Ben Bernanke is being deliberately coy about when he wants to raise interest rates, despite growing worries in and out of the Federal Reserve. But one expert has a thoroughly researched and reasonable answer, writes MoneyShow.com editor-at-large Howard R. Gold.

When Ben Bernanke goes before reporters in his first live press conference next week, there’s one question I guarantee he won’t answer: “When will you start raising interest rates again?”

The Federal Reserve chairman may tell the media that the latest round of “quantitative easing” (QE2) will wind up as scheduled on June 30. He also may say that the economy is showing signs of a self-sustaining recovery.

But he won’t tell us what we really want to hear—how long it will be before the Fed hikes short-term interest rates.

However, one expert thinks he has the answer: April 2012, a year from now.

That may seem like an eternity to people who worry that the inflationary wolf is already knock-knock-knocking on our front door.

But Joseph Kalish, senior macro strategist of Ned Davis Research in Venice, Florida, thinks it’s consistent with the behavior and attitudes of key players on the Federal Open Market Committee, the Fed’s rate-setting body.

Kalish has pored over minutes of Fed meetings, voting records of FOMC members, and public statements by Fed officials to construct a possible timeline of Fed tightening. It’s a mixture of “Fed watching”—which economists did when the central bank was far more opaque than it is now—and Kremlinology, the art of who’s in and who’s out at powerful institutions.

Ben Holds the Cards
Kalish says the key word to describe this Fed is “deliberate.” The bank doesn’t make big moves until the chairman and his allies are sure they want to go that way. Then, they don’t look back.

“Bernanke’s not about to change course until he’s absolutely certain,” Kalish told me. “He’s very afraid of tightening too quickly.”

He has two key supporters—vice chairman Janet Yellen, and William Dudley, president of the powerful Federal Reserve Bank of New York and a former chief US economist for Goldman Sachs Group (NYSE: GS). They’re firmly in the chairman’s corner, according to Kalish.

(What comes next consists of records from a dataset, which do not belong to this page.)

(* Let $(X,\tau_\delta)_{\delta>0}$ be a Hilbert dilation system, $\mathcal E\subseteq X$ an ellipsoid, $\epsilon\in(0,1/2)$, $I\subseteq(0,\infty)$ a compact interval, and suppose $\tau_\delta\mathcal E$ is $\epsilon$-degenerate for every $\delta\in I$. Then there is a subspace $H\subseteq X$ such that for all $\delta\in I$: (a) $\tau_\delta\mathcal E\subseteq\tau_\delta H+\epsilon\mathcal B$, and (b) $\tau_\delta H\cap\frac{1}{2\epsilon}\mathcal B\subseteq\tau_\delta\mathcal E$.
   Context: Hilbert dilation system: $X$ a real Hilbert space of finite dimension $d$, $X=\bigoplus_{\nu=1}^mX_\nu$ orthogonal, $\tau_\delta|_{X_\nu}=\delta^{-\nu}\mathrm{id}$. $\mathcal B$ is the closed unit ball of $X$. A (centered) ellipsoid is a set $\{\sum_{i=1}^dc_i\sigma_iv_i:\sum c_i^2\le1\}$ with $\sigma_1\ge\dots\ge\sigma_d\ge0$ (principal axis lengths) and $\{v_i\}$ an orthonormal basis. An ellipsoid is $\epsilon$-degenerate if none of its principal axis lengths lies in $[\epsilon,\epsilon^{-1}]$. *)

From HB Require Import structures.
From mathcomp Require Import all_boot all_order all_algebra.
From mathcomp Require Import classical_sets reals.
Set Implicit Arguments. Unset Strict Implicit. Unset Printing Implicit Defensive.
Import Order.TTheory GRing.Theory Num.Theory.
Local Open Scope ring_scope.
Local Open Scope classical_set_scope.

(* The Hilbert space X of dimension d is modelled as 'rV[R]_d with the
   standard inner product. *)
Definition dotp (R : realType) (d : nat) (x y : 'rV[R]_d) : R := (x *m y^T) 0 0.
Definition vnorm (R : realType) (d : nat) (x : 'rV[R]_d) : R := Num.sqrt (dotp x x).

Definition ballr (R : realType) (d : nat) (r : R) : set 'rV[R]_d :=
  [set x | vnorm x <= r].

Definition msum (R : realType) (d : nat) (A B : set 'rV[R]_d) : set 'rV[R]_d :=
  [set z | exists x y, A x /\ B y /\ z = x + y].

Definition orthonormal_rows (R : realType) (d : nat) (V : 'M[R]_d) : Prop :=
  V *m V^T = 1%:M.

(* The dilations: an orthonormal basis (rows of U) adapted to the orthogonal
   decomposition X = X_1 (+) ... (+) X_m, the basis vector row i U lying in
   X_(w i), with 1 <= w i <= m.  tau_delta acts by delta^(-nu) on X_nu. *)
Definition dil (R : realType) (d : nat) (U : 'M[R]_d) (w : 'I_d -> nat)
  (delta : R) (x : 'rV[R]_d) : 'rV[R]_d :=
  x *m (U^T *m diag_mx (\row_i (delta ^- (w i))) *m U).

Definition ellipsoid_of (R : realType) (d : nat) (sigma : 'I_d -> R) (V : 'M[R]_d)
  : set 'rV[R]_d :=
  [set x | exists c : 'rV[R]_d, dotp c c <= 1 /\
           x = \sum_(i < d) (c 0 i * sigma i) *: row i V].

Definition axes_ok (R : realType) (d : nat) (sigma : 'I_d -> R) : Prop :=
  (forall i : 'I_d, 0 <= sigma i) /\
  (forall i j : 'I_d, (i <= j)%N -> sigma j <= sigma i).

Definition is_ellipsoid (R : realType) (d : nat) (E : set 'rV[R]_d) : Prop :=
  exists sigma V, axes_ok sigma /\ orthonormal_rows V /\ E = ellipsoid_of sigma V.

Definition eps_degenerate (R : realType) (d : nat) (eps : R) (E : set 'rV[R]_d)
  : Prop :=
  exists sigma V, axes_ok sigma /\ orthonormal_rows V /\ E = ellipsoid_of sigma V /\
    forall i : 'I_d, ~ (eps <= sigma i /\ sigma i <= eps^-1).

From HB Require Import structures.
From mathcomp Require Import all_boot all_order all_algebra.
From mathcomp Require Import classical_sets reals.
From mathcomp Require Import ring lra zify.
Import Order.TTheory GRing.Theory Num.Theory.
Local Open Scope ring_scope.
Local Open Scope classical_set_scope.
Set Implicit Arguments. Unset Strict Implicit.

(* For each delta in [a, b] fix principal axes (sigma, V) of tau_delta E,
   tau_delta being x |-> x *m Dm delta.  Axes longer than 1/eps are "long";
   the others are shorter than eps.  The long (short) space at delta is the
   pull-back by tau_delta of the span of the long (short) axes.  We take H
   to be the long space at a.
   (a) tau_a x splits into a long part and a short part of norm <= eps, and
       tau_(delta/a) is a contraction for delta >= a.
   (b) Transversality: if tau_delta' shrinks no vector by more than a factor
       kappa > eps^4 relative to tau_delta, the long space at delta meets
       the short space at delta' only in 0.  Hence the rank of the long
       space never decreases along short steps, so not from a to b, and the
       long space at b plus the short space at a is everything.  Writing y
       in H accordingly and rescaling its first component into E, the axes
       at a show that y is in E once |tau_delta y| <= 1/(2 eps). *)

Section SquaredNorm.
Variables (R : realType) (d : nat).
Implicit Types (x y : 'rV[R]_d) (V : 'M[R]_d).

Definition sqn x : R := \sum_i x 0 i ^+ 2.

Lemma dotp_sqn x : dotp x x = sqn x.
Proof. by rewrite /dotp !mxE; apply: eq_bigr => i _; rewrite mxE expr2. Qed.

Lemma sqn_ge0 x : 0 <= sqn x.
Proof. by apply: sumr_ge0 => i _; rewrite sqr_ge0. Qed.

Lemma sqn_gt0 x : (0 < sqn x) = (sqn x != 0).
Proof. by rewrite lt0r sqn_ge0 andbT. Qed.

Lemma sqn_eq0 x : sqn x = 0 -> x = 0.
Proof.
move=> /eqP; rewrite psumr_eq0 => [/allP x0|i _]; last exact: sqr_ge0.
apply/rowP => i; rewrite mxE; apply/eqP.
by rewrite -sqrf_eq0; apply: x0; rewrite mem_index_enum.
Qed.

Lemma vnorm_leE x r : 0 <= r -> (vnorm x <= r) = (sqn x <= r ^+ 2).
Proof.
move=> r0; rewrite /vnorm dotp_sqn -[r in LHS]ger0_norm // -sqrtr_sqr.
by rewrite ler_sqrt // sqr_ge0.
Qed.

Lemma sqn_scale c x : sqn (c *: x) = c ^+ 2 * sqn x.
Proof. by rewrite /sqn mulr_sumr; apply: eq_bigr => i _; rewrite mxE exprMn. Qed.

Lemma sqn0 : sqn 0 = 0.
Proof. by rewrite /sqn big1 // => i _; rewrite mxE expr0n. Qed.

Lemma sqnN x : sqn (- x) = sqn x.
Proof. by rewrite -scaleN1r sqn_scale sqrrN expr1n mul1r. Qed.

Lemma sqn_rescale x e : sqn x != 0 -> 0 < e ->
  exists2 l : R, 0 < l & sqn (l *: x) = e ^- 2.
Proof.
rewrite -sqn_gt0 => x0 e0; exists (e * Num.sqrt (sqn x))^-1.
  by rewrite invr_gt0 mulr_gt0 ?sqrtr_gt0.
by rewrite sqn_scale exprVn exprMn sqr_sqrtr ?ltW // invfM divfK // gt_eqF.
Qed.

Lemma sqn_sub_le x y : sqn (x - y) <= 2 * sqn x + 2 * sqn y.
Proof.
rewrite /sqn !mulr_sumr -big_split /=; apply: ler_sum => i _; rewrite !mxE.
have := sqr_ge0 (x 0 i + y 0 i); nra.
Qed.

Two other bank presidents, Richard Fisher of the Dallas Fed and Charles Plosser of Philadelphia, are inflation hawks. They want QE2 to end and the central bank to begin raising rates. Narayana Kocherlakota of Minneapolis generally supports their position.

The four other voting members of the FOMC tend to side with the chairman, Kalish said.

When he does the math, his conclusion is that Bernanke "can get his way.” And the chairman is likely to take the slow road back to higher rates.

Why? Despite nearly two years of recovery, output remains 7% below its September 2007 peak, just before the recession officially began. The chairman worries that deflation is a disease that’s devilishly hard to cure once it infects an economy.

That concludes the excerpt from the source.